** Recorded information **
Definition proc_diff (X Y : Omega -> R -> H) : Omega -> R -> H :=
  fun w s => X w s - Y w s.

Local Open Scope ereal_scope.

Definition d_em (P : probability Omega R) (F : R -> set (set Omega)) (T : R)
  (X Y : Omega -> R -> H) : \bar R :=
  ereal_sup [set (\int[P]_w
      ereal_sup [set (Num.min `|sp_path G (proc_diff X Y) w t| 1)%:E
                 | t in [set t | (0 <= t <= T)%R]])
    | G in [set G | is_simple_prd F T G]].

Definition rho_em (P : probability Omega R) (F : R -> set (set Omega)) (T : R)
  (X Y : Omega -> R -> H) : \bar R :=
  ereal_sup [set (\int[P]_w (Num.min `|sp_path G (proc_diff X Y) w T| 1)%:E)
    | G in [set G | is_simple_prd F T G]].

Local Close Scope ereal_scope.
End Stoch.

Definition dist_open {R : realType} {E : Type} (S : set E)
  (dist : E -> E -> \bar R) (U : set E) : Prop :=
  forall x, S x -> U x ->
    exists r : R, (0 < r)%R /\
      forall y, S y -> (dist x y < r%:E)%E -> U y.

From mathcomp Require Import all_boot all_order all_algebra.
From mathcomp Require Import all_classical all_reals all_analysis.
From mathcomp Require Import ring lra measurable_realfun.
Import Order.TTheory GRing.Theory Num.Theory numFieldNormedType.Exports.

(* [rho_em <= d_em] because the supremum over [0, T] dominates the value at [T].
   Conversely [d_em <= dl + rho_em / dl] for [0 < dl <= 1].  Given an admissible
   integrand, refine its partition into [M] equal steps per cell and switch it off
   from the first grid point where [|Gamma . (X - Y)|] exceeds [dl]: the result is
   again admissible and exceeds [dl] at time [T] whenever some grid point does, so by
   Markov's inequality such a grid exceedance has probability at most [rho_em / dl].
   By right continuity an exceedance anywhere in [0, T] is seen by all fine enough
   grids.  Separability of [H] makes the stopping events [F t]-measurable, which is
   what keeps the stopped integrand predictable. *)

Set Implicit Arguments.
Unset Strict Implicit.
Unset Printing Implicit Defensive.

Local Open Scope classical_set_scope.
Local Open Scope ring_scope.

Section NormedSpace.
Context {R : realType} {H : normedModType R}.

Definition dense_seq (e : nat -> H) : Prop :=
  forall x (eps : R), 0 < eps -> exists n, `|x - e n| < eps.

Lemma separable_dense_seq : @separable_space R H -> exists e, dense_seq e.
Proof.
move=> [D [cD clD]].
have [f finj] := countable_injP _ cD.
have closureD x eps : 0 < eps -> exists2 a, D a & `|x - a| < eps.
  move=> eps0; have : closure D x by rewrite clD.
  move=> /(_ _ (nbhsx_ballx x eps eps0)) [a [Da xa]].
  by exists a => //; move: xa; rewrite -ball_normE.
have [x0 Dx0 _] := closureD 0 1 ltr01.
exists (fun n => xget x0 [set a | D a /\ f a = n]) => x eps eps0.
have [a Da xa] := closureD x eps eps0.
exists (f a); suff -> : xget x0 [set b | D b /\ f b = f a] = a by [].
apply: xget_unique => [//|b [Db fb]].
by apply: finj; rewrite ?inE.
Qed.

Lemma open_normP (A : set H) :
  open A <-> forall x, A x -> exists2 e : R, 0 < e & forall y, `|x - y| < e -> A y.
Proof.
split=> [oA x Ax|hA].
  have /nbhs_ballP [e e0 Ae] : nbhs x A by apply: open_nbhs_nbhs.
  by exists e => // y xy; apply: Ae; rewrite -ball_normE.
rewrite openE => x Ax; apply/nbhs_ballP.
by have [e e0 Ae] := hA x Ax; exists e => // y; rewrite -ball_normE; apply: Ae.
Qed.

Lemma open_norm_gt (r : R) : open [set v : H | r < `|v|].
Proof.
apply/open_normP => v /= rv; exists (`|v| - r); first by rewrite subr_gt0.
move=> y vy; have := ler_normD (v - y) y; rewrite subrK; lra.
Qed.
Lemma closed_form_of_phi c f : (f <= c <= f.+1)%N ->
  phi c f = 2 ^+ f -> hankel_closed_form (c + f).
Proof.
move=> le_fcf phi_f; have i2 := sqrCi algC.
have solve (x y h : algC) : y != 0 -> x ^+ 2 = y ->
    x ^+ (c + f) * 2 ^+ f = y ^+ f * h -> h = x ^+ odd (c + f) * 2 ^+ (c + f)./2.
  move=> y_neq0 sqr_x eq_h; apply: (mulfI (expf_neq0 f y_neq0)); rewrite -eq_h.
  have [-> | ->] : c = f \/ c = f.+1 by lia.
    by rewrite addnn /= doubleK odd_double -mul2n exprM sqr_x; ring.
  by rewrite addSn addnn /= uphalf_double odd_double -mul2n exprS exprM sqr_x; ring.
split.
  apply: (solve _ _ _ mul2Ci_neq0); first by ring: i2.
  by rewrite -phi_f phi_hankel_tsum.
apply: (solve _ (- (2 * 'i))); first by rewrite oppr_eq0 mul2Ci_neq0.
  by ring: i2.
by rewrite -phi_f phi_hankel_tdiff.
Qed.

Lemma phi_diag_value k : hankel_closed_form k -> phi k k = 2 ^+ k.
Proof.
case=> hs hd; have i2 := sqrCi algC; have n4 : 4 != 0 :> algC by rewrite pnatr_eq0.
apply: (mulfI (expf_neq0 k n4)); rewrite phi_diag_hankel hs hd (natrM _ 2 2) exprMn.
have [j [-> | ->]] := double_cases k;
  rewrite /= ?uphalf_double ?doubleK ?odd_double -addnn ?exprS !exprD; ring: i2.
Qed.

Lemma phi_subdiag_value k :
  hankel_closed_form k -> hankel_closed_form k.+1 -> phi k.+1 k = 2 ^+ k.
Proof.
case=> hs hd [hs1 hd1]; have i2 := sqrCi algC; have n4 : 4 != 0 :> algC by rewrite pnatr_eq0.
apply: (mulfI (expf_neq0 k.+1 n4)); rewrite phi_subdiag_hankel hs hd hs1 hd1 (natrM _ 2 2) exprMn.
have [j [-> | ->]] := double_cases k;
  rewrite /= ?negbK ?uphalf_double ?doubleK ?odd_double -addnn !exprS !exprD; ring: i2.
Qed.

Lemma phi10 : phi 1 0 = 1.
Proof.
rewrite /phi det_mx11 mxE /pair_basis /= moment_pairXM betaS /tsum -!doubleD.
by rewrite tau_doubleS tau_double tau0; field; exact: addCi_neq0.
Qed.

Lemma hankel_closed_form_holds n : hankel_closed_form n.
Proof.
elim/ltn_ind: n => n IH; have [j [en | en]] := double_cases n; subst n.
  rewrite -addnn; apply: closed_form_of_phi; first by rewrite leqnn leqnSn.
  case: j IH => [_|j IH]; first exact: det_mx00.
  by apply: phi_diag_value; apply: IH; rewrite -addnn; lia.
rewrite -addnn -addSn; apply: closed_form_of_phi; first by rewrite leqnSn leqnn.
case: j IH => [_|j IH]; first exact: phi10.
by apply: phi_subdiag_value; apply: IH; rewrite -addnn; lia.
Qed.

Lemma det_hankel_beta n : \det (hankel u n) = (- 'i) ^+ n./2.
Proof.
have i2 := sqrCi algC; have i1 := addCi_neq0.
have [hs _] := hankel_closed_form_holds n; move: hs.
have -> : hankel tsum n = (1 + 'i) *: hankel u n.
  by apply/matrixP => a b; rewrite !mxE betaS mulrC divfK.
rewrite detZ (_ : (1 + 'i) ^+ n = (1 + 'i) ^+ odd n * (2 * 'i) ^+ n./2); last first.
  by rewrite -{1}[n]odd_double_half exprD -mul2n exprM; congr (_ * _ ^+ _); ring: i2.
rewrite -mulrA => /(mulfI (expf_neq0 _ i1)) hu.
apply: (mulfI (expf_neq0 n./2 mul2Ci_neq0)); rewrite hu -exprMn.
by congr (_ ^+ _); ring: i2.
Qed.

Theorem mainTheorem20 (n : nat) : (1 <= n)%N ->
  \det (hankelH n) = (- 'i) ^+ (n./2).
Proof.
move=> _; rewrite -det_hankel_beta; congr (\det _).
by apply/matrixP => a b; rewrite !mxE addn1.
Qed.
(* Let $X$ be a pure $d$-dimensional simplicial complex which is a $\gamma$-coboundary expander with coefficients in a group $G$, and let $1\le k\le d-1$. Then for every $f\in C^1(R_k(X);G)$, $\|d_1f\|\ \ge\ \gamma\cdot \mathrm{dist}\big(f, Z^1(R_k(X);G)\big)$, where norms and distances are taken in $R_k(X)$.
   Context: $X(i)$ = faces with $i+1$ elements. For a pure $D$-dimensional complex $Y$, weights $w_Y(\sigma)=|\{\tau\in Y(D):\sigma\subseteq\tau\}|/(\binom{D+1}{|\sigma|}|Y(D)|)$; norm of a set of faces = sum of weights. Link $X_\sigma=\{\tau\setminus\sigma:\sigma\subseteq\tau\in X\}$. Cochains: $C^0(Y;G)$ functions on vertices; $C^1(Y;G)$ functions $f$ on ordered edges with $f(v,u)=f(u,v)^{-1}$; $d_0g(u,v)=g(u)g(v)^{-1}$; $d_1f(u,v,w)=f(u,v)f(v,w)f(w,u)$ on triangles; $B^0$ = constants, $B^1=\mathrm{im}\,d_0$, $Z^1=\{f:d_1f\equiv1\}$; $\|f\|$ = norm of the set of faces where $f\ne1$, $\mathrm{dist}(f,g)=\|fg^{-1}\|$. $h_0(Y;G)=\min_{g\notin B^0}\|d_0g\|/\mathrm{dist}(g,B^0)$, $h_1(Y;G)=\min_{f\notin B^1}\|d_1f\|/\mathrm{dist}(f,B^1)$; $X$ is a $\gamma$-coboundary expander with coefficients in $G$ if $h_0(X_\sigma;G),h_1(X_\sigma;G)\ge\gamma$ for every face $\sigma$ of dimension $<d-2$ (including $\emptyset$). The $k$-th representation complex $R_k(X)$: its vertices are the faces in $X(k)$; for $1\le i\le d-k$ its $i$-faces are the sets $S$ of $i+1$ distinct elements of $X(k)$ with $\bigcup S\in X(i+k)$ and $|\bigcap S|=k$; plus the empty face. It is pure of dimension $d-k$ with its own weights. *)

From HB Require Import structures.
From mathcomp Require Import boolp classical_sets reals.
From mathcomp Require Import all_boot all_order all_algebra.
Set Implicit Arguments. Unset Strict Implicit. Unset Printing Implicit Defensive.
Import Order.TTheory GRing.Theory Num.Theory.

Local Open Scope ring_scope.

Section Complex.
Variable T : finType.
Implicit Types (Y : {set {set T}}) (s t : {set T}).

Definition simplicial_complex Y : Prop :=
  set0 \in Y /\ forall t s, t \in Y -> s \subset t -> s \in Y.

Definition pure_dim Y (D : nat) : Prop :=
  (forall t, t \in Y -> (#|t| <= D.+1)%N) /\
  (forall t, t \in Y -> exists2 u, u \in Y & (#|u| == D.+1) && (t \subset u)).

Definition link Y s : {set {set T}} := [set t :\: s | t in Y & s \subset t].

Definition top_faces Y (D : nat) := [set t in Y | #|t| == D.+1].

Definition weight (R : realType) Y (D : nat) s : R :=
  (#|[set t in top_faces Y D | s \subset t]|)%:R /
  (('C(D.+1, #|s|) * #|top_faces Y D|)%N)%:R.
End Complex.

Section Cochains.
Variables (R : realType) (G : groupType) (T : finType).
Variables (Y : {set {set T}}) (D : nat).

Definition vertexY (v : T) := [set v] \in Y.
Definition edgeY (u v : T) := (u != v) && ([set u; v] \in Y).
Definition triY (u v w : T) :=
  [&& u != v, v != w, w != u & [set u; v; w] \in Y].

Definition C1 (f : T -> T -> G) : Prop :=
  forall u v, edgeY u v -> f v u = ((f u v)^-1)%g.
(* Let $k=(k_s)_{s\geq1}$ be a sequence of nonnegative integers and $l=(l_s)$, $m=(m_s)$ sequences with values in $\mathbb{Z}_{\geq2}\cup\{\infty\}$ and $\mathbb{Z}_{\geq1}\cup\{\infty\}$ respectively, such that $2k_s<m_s$ for all $s$. Let $\Delta=\Delta(k,l,m)$ be the subgroup of $\prod_s \mathbb{Z}/m_s\mathbb{Z}\wr D_{l_s}$ generated (and marked) by the three sequences $\tau=(\tau_s)$, $\alpha=(\alpha_s)$, $\beta=(\beta_s)$, where $\tau_s=(+1,\mathbb{1})$, $\alpha_s=(0,a_s\delta_0)$, $\beta_s=(0,b_s\delta_{k_s})$. If $R<\frac{\min_s k_s-1}{2}$, then the marked balls of radius $R$ in $\Delta$ and in $\Gamma(0,2,\infty)$ coincide. Moreover, if the sequence $k$ is unbounded, then $\Gamma(0,2,\infty)$ is a marked quotient of $\Delta$.
   Context: $D_l=\langle a,b\mid a^2=b^2=(ab)^l=1\rangle$ is the dihedral group of order $2l$ ($D_\infty$ infinite dihedral); $a_s,b_s$ denote these generators in $D_{l_s}$. The wreath product $B\wr L$ has elements $(g,f)$, $g\in B$, $f:B\to L$ finitely supported, with $B$ acting by shift; $\mathbb{1}$ is the trivial function and $c\,\delta_g$ the function equal to $c$ at $g$, trivial elsewhere; $\mathbb{Z}/\infty\mathbb{Z}=\mathbb{Z}$. $\Gamma(0,2,\infty)$ is $\mathbb{Z}\wr D_2$ marked by $(+1,\mathbb{1}),(0,a\delta_0),(0,b\delta_0)$. Marked balls of radius $R$ in two groups marked by ordered triples coincide if a word of length at most $2R$ in the free group on three letters is trivial in one iff it is trivial in the other. A marked group $G$ is a marked quotient of $H$ if the map sending the $i$-th marked generator of $H$ to that of $G$ extends to a surjective homomorphism. *)

From mathcomp Require Import all_boot all_order all_algebra.
Set Implicit Arguments. Unset Strict Implicit. Unset Printing Implicit Defensive.
Import Order.TTheory GRing.Theory Num.Theory.
Local Open Scope ring_scope.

** About this task **
Look above for the line with "Definition d_em (P" and the line with "Markov's inequality such", and reproduce exactly those two lines plus every line between, nothing more.

** Answer to this exercise **
Definition d_em (P : probability Omega R) (F : R -> set (set Omega)) (T : R)
  (X Y : Omega -> R -> H) : \bar R :=
  ereal_sup [set (\int[P]_w
      ereal_sup [set (Num.min `|sp_path G (proc_diff X Y) w t| 1)%:E
                 | t in [set t | (0 <= t <= T)%R]])
    | G in [set G | is_simple_prd F T G]].

Definition rho_em (P : probability Omega R) (F : R -> set (set Omega)) (T : R)
  (X Y : Omega -> R -> H) : \bar R :=
  ereal_sup [set (\int[P]_w (Num.min `|sp_path G (proc_diff X Y) w T| 1)%:E)
    | G in [set G | is_simple_prd F T G]].

Local Close Scope ereal_scope.
End Stoch.

Definition dist_open {R : realType} {E : Type} (S : set E)
  (dist : E -> E -> \bar R) (U : set E) : Prop :=
  forall x, S x -> U x ->
    exists r : R, (0 < r)%R /\
      forall y, S y -> (dist x y < r%:E)%E -> U y.

From mathcomp Require Import all_boot all_order all_algebra.
From mathcomp Require Import all_classical all_reals all_analysis.
From mathcomp Require Import ring lra measurable_realfun.
Import Order.TTheory GRing.Theory Num.Theory numFieldNormedType.Exports.

(* [rho_em <= d_em] because the supremum over [0, T] dominates the value at [T].
   Conversely [d_em <= dl + rho_em / dl] for [0 < dl <= 1].  Given an admissible
   integrand, refine its partition into [M] equal steps per cell and switch it off
   from the first grid point where [|Gamma . (X - Y)|] exceeds [dl]: the result is
   again admissible and exceeds [dl] at time [T] whenever some grid point does, so by
   Markov's inequality such a grid exceedance has probability at most [rho_em / dl].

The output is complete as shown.